**The task**
Reproduce, from the lines below, exactly the stretch that begins at the line containing "Lemma pblockD_mem i : pblock D.1 i \in D.1." and ends at the line containing "Proof. by case/andP: markedD => /and3P[_", both included.
▽
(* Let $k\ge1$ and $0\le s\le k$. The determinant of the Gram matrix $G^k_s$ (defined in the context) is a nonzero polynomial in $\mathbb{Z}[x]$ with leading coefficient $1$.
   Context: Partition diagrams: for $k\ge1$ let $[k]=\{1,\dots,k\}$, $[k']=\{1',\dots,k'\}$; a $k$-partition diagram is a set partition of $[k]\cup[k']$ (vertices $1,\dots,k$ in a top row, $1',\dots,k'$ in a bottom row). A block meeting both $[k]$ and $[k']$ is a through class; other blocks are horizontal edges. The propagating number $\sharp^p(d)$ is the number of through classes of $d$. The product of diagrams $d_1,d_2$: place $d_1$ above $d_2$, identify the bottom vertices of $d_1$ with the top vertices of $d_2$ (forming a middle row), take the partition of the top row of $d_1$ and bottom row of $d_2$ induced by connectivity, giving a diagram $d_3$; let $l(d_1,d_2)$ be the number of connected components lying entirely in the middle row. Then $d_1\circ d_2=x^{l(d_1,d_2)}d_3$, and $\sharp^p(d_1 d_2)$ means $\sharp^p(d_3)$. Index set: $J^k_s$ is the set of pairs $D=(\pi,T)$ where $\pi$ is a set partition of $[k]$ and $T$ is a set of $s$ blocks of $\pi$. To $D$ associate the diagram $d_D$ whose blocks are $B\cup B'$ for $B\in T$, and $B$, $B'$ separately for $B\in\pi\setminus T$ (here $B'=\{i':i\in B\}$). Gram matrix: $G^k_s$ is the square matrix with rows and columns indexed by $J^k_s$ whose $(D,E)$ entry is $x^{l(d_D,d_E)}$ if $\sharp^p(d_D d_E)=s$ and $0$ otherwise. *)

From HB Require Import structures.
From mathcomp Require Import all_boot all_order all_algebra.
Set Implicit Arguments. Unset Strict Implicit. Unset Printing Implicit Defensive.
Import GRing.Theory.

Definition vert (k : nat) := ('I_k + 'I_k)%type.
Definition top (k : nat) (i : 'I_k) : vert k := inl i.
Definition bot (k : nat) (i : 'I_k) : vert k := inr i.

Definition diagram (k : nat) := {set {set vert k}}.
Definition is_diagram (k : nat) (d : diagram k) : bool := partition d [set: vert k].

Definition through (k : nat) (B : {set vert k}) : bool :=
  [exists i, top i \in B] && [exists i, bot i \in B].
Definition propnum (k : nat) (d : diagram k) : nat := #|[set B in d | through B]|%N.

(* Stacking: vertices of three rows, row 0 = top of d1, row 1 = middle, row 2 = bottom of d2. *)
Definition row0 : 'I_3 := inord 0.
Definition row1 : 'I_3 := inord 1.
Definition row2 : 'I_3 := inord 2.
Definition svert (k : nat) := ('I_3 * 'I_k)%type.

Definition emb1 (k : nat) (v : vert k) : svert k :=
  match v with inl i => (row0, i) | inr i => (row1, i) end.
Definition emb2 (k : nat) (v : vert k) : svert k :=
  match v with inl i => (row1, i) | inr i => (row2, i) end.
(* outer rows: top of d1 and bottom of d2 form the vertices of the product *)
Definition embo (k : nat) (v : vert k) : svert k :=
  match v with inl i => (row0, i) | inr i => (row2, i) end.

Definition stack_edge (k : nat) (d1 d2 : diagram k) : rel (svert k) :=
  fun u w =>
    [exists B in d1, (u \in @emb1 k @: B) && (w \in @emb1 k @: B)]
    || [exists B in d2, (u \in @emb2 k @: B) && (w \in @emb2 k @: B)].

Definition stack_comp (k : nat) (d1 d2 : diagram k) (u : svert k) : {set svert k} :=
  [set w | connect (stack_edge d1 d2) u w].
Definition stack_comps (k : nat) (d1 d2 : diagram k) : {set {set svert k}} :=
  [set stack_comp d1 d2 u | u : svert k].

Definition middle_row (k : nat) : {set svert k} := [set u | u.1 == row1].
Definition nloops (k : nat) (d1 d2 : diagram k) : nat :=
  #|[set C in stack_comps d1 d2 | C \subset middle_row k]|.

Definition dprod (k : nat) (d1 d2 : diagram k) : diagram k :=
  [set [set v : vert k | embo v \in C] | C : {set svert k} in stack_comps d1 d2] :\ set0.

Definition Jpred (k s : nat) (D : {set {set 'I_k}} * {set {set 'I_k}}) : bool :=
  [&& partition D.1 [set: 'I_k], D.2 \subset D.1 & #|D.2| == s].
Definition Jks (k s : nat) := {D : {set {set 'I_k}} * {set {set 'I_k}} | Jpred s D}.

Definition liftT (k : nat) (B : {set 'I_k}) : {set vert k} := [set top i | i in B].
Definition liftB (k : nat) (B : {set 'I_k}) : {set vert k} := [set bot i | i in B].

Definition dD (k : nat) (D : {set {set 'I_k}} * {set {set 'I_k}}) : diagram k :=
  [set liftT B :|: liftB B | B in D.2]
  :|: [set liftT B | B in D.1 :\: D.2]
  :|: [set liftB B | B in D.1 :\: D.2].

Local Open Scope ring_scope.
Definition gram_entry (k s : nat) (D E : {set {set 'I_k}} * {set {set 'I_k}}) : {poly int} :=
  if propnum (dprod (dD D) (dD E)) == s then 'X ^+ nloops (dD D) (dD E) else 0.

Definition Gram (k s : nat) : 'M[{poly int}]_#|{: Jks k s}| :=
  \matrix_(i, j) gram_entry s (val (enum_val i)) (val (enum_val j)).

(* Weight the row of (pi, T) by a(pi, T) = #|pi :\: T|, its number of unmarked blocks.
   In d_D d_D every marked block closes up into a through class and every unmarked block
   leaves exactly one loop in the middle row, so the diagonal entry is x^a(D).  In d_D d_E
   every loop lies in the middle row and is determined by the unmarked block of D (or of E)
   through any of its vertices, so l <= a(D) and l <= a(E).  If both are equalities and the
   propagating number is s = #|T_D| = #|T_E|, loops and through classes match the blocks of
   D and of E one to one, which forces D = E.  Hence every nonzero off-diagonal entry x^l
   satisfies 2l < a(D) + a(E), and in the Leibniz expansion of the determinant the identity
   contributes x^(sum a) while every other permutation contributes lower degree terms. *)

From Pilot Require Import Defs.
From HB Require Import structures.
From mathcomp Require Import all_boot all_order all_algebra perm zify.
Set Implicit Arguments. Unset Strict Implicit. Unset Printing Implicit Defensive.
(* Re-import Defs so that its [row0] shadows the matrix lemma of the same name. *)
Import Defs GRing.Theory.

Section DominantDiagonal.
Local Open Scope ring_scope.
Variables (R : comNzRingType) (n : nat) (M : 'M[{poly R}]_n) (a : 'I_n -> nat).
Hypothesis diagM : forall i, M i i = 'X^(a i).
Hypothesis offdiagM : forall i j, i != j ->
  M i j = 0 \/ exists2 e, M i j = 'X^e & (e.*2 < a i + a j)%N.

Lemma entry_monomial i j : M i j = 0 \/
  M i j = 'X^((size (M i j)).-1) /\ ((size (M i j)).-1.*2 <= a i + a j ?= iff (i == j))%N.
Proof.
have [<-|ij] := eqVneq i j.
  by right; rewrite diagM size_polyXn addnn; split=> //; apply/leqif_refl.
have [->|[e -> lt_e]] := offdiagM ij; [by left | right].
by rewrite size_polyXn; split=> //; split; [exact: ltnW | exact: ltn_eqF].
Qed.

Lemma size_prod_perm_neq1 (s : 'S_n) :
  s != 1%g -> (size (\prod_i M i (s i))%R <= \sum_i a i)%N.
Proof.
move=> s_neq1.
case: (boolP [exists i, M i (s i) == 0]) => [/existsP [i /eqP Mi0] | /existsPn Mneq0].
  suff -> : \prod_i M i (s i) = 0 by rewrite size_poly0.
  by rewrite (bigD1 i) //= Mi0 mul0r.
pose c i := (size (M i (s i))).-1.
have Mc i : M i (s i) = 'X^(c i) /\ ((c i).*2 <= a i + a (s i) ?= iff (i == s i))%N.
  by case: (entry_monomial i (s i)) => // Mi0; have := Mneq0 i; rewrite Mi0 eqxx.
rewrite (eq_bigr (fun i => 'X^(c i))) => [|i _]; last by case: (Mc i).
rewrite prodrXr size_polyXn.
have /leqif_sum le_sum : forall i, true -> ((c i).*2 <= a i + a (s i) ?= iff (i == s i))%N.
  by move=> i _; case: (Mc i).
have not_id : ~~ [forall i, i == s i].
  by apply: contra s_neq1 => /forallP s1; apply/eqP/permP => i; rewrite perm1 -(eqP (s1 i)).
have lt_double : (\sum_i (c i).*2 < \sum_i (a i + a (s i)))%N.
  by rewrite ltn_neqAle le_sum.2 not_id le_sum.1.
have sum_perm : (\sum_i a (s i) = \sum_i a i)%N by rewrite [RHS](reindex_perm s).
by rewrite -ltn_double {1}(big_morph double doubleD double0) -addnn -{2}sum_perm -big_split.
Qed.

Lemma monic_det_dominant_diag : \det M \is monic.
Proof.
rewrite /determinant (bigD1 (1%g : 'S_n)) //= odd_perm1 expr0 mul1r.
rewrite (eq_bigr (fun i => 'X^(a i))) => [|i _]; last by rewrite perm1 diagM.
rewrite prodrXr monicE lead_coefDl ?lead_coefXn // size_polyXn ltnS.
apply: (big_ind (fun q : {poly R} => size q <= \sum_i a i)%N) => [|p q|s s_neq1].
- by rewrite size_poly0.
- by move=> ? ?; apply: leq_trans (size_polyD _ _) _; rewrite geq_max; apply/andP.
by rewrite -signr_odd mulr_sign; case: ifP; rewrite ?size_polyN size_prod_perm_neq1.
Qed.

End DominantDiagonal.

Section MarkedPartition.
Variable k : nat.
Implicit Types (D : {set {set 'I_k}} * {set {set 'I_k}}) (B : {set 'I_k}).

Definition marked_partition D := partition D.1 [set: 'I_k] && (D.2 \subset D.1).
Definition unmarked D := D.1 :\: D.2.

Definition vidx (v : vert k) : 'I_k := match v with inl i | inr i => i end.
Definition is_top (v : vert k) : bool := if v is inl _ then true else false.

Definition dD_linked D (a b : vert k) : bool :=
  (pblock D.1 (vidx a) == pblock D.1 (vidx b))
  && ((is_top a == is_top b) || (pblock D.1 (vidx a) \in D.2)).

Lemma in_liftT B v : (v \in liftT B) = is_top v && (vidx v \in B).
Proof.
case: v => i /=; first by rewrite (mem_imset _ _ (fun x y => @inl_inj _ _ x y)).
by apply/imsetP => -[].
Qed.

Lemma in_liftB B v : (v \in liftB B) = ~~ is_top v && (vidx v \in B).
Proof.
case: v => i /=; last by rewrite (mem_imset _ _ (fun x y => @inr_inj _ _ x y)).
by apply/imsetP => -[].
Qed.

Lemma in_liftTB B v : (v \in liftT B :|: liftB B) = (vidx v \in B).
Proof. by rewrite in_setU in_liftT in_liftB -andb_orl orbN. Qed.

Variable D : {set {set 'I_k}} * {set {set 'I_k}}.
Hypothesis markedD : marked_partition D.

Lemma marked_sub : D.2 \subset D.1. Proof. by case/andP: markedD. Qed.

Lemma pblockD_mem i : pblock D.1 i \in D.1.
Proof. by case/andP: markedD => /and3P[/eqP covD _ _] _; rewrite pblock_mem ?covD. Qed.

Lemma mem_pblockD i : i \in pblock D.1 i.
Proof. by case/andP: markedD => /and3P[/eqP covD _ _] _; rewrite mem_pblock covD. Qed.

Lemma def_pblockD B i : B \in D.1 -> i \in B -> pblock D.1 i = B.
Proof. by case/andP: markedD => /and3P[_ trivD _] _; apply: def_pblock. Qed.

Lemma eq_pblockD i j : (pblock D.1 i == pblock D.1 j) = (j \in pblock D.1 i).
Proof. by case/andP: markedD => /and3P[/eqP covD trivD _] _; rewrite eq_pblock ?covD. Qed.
△
▽
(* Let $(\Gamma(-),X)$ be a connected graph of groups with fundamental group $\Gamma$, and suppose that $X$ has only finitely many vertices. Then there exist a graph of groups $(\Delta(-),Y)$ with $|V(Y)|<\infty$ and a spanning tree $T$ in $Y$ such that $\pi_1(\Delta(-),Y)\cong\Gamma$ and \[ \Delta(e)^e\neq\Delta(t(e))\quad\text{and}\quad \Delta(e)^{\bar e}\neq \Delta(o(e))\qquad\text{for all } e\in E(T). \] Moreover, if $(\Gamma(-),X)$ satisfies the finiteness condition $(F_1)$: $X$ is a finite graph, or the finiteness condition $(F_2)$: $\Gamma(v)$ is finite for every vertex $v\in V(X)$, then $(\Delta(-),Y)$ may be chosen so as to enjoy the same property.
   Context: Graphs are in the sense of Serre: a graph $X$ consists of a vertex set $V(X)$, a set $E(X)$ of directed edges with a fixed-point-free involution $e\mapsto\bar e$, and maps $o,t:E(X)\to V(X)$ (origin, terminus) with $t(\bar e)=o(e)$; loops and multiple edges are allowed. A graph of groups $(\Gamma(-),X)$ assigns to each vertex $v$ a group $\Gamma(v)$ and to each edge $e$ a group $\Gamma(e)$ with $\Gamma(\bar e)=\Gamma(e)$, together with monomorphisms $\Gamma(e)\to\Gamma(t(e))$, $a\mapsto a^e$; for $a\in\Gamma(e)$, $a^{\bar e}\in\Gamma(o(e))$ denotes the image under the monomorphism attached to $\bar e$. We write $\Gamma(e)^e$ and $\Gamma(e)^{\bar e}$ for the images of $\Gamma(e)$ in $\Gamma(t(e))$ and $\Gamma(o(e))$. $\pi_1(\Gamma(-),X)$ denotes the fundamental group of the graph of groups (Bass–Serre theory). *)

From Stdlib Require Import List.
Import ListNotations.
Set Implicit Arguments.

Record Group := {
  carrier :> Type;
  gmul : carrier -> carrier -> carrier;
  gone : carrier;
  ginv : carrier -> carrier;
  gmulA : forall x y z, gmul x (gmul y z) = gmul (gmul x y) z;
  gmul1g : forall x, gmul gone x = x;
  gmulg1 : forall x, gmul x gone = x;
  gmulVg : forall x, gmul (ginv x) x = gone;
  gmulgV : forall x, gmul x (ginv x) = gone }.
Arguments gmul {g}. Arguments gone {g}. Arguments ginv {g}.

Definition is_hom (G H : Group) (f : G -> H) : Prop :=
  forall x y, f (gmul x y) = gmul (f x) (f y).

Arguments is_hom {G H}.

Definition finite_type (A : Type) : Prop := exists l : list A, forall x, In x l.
△
**Reply to the task**
Lemma pblockD_mem i : pblock D.1 i \in D.1.
Proof. by case/andP: markedD => /and3P[/eqP covD _ _] _; rewrite pblock_mem ?covD. Qed.

Lemma mem_pblockD i : i \in pblock D.1 i.
Proof. by case/andP: markedD => /and3P[/eqP covD _ _] _; rewrite mem_pblock covD. Qed.

Lemma def_pblockD B i : B \in D.1 -> i \in B -> pblock D.1 i = B.
Proof. by case/andP: markedD => /and3P[_ trivD _] _; apply: def_pblock. Qed.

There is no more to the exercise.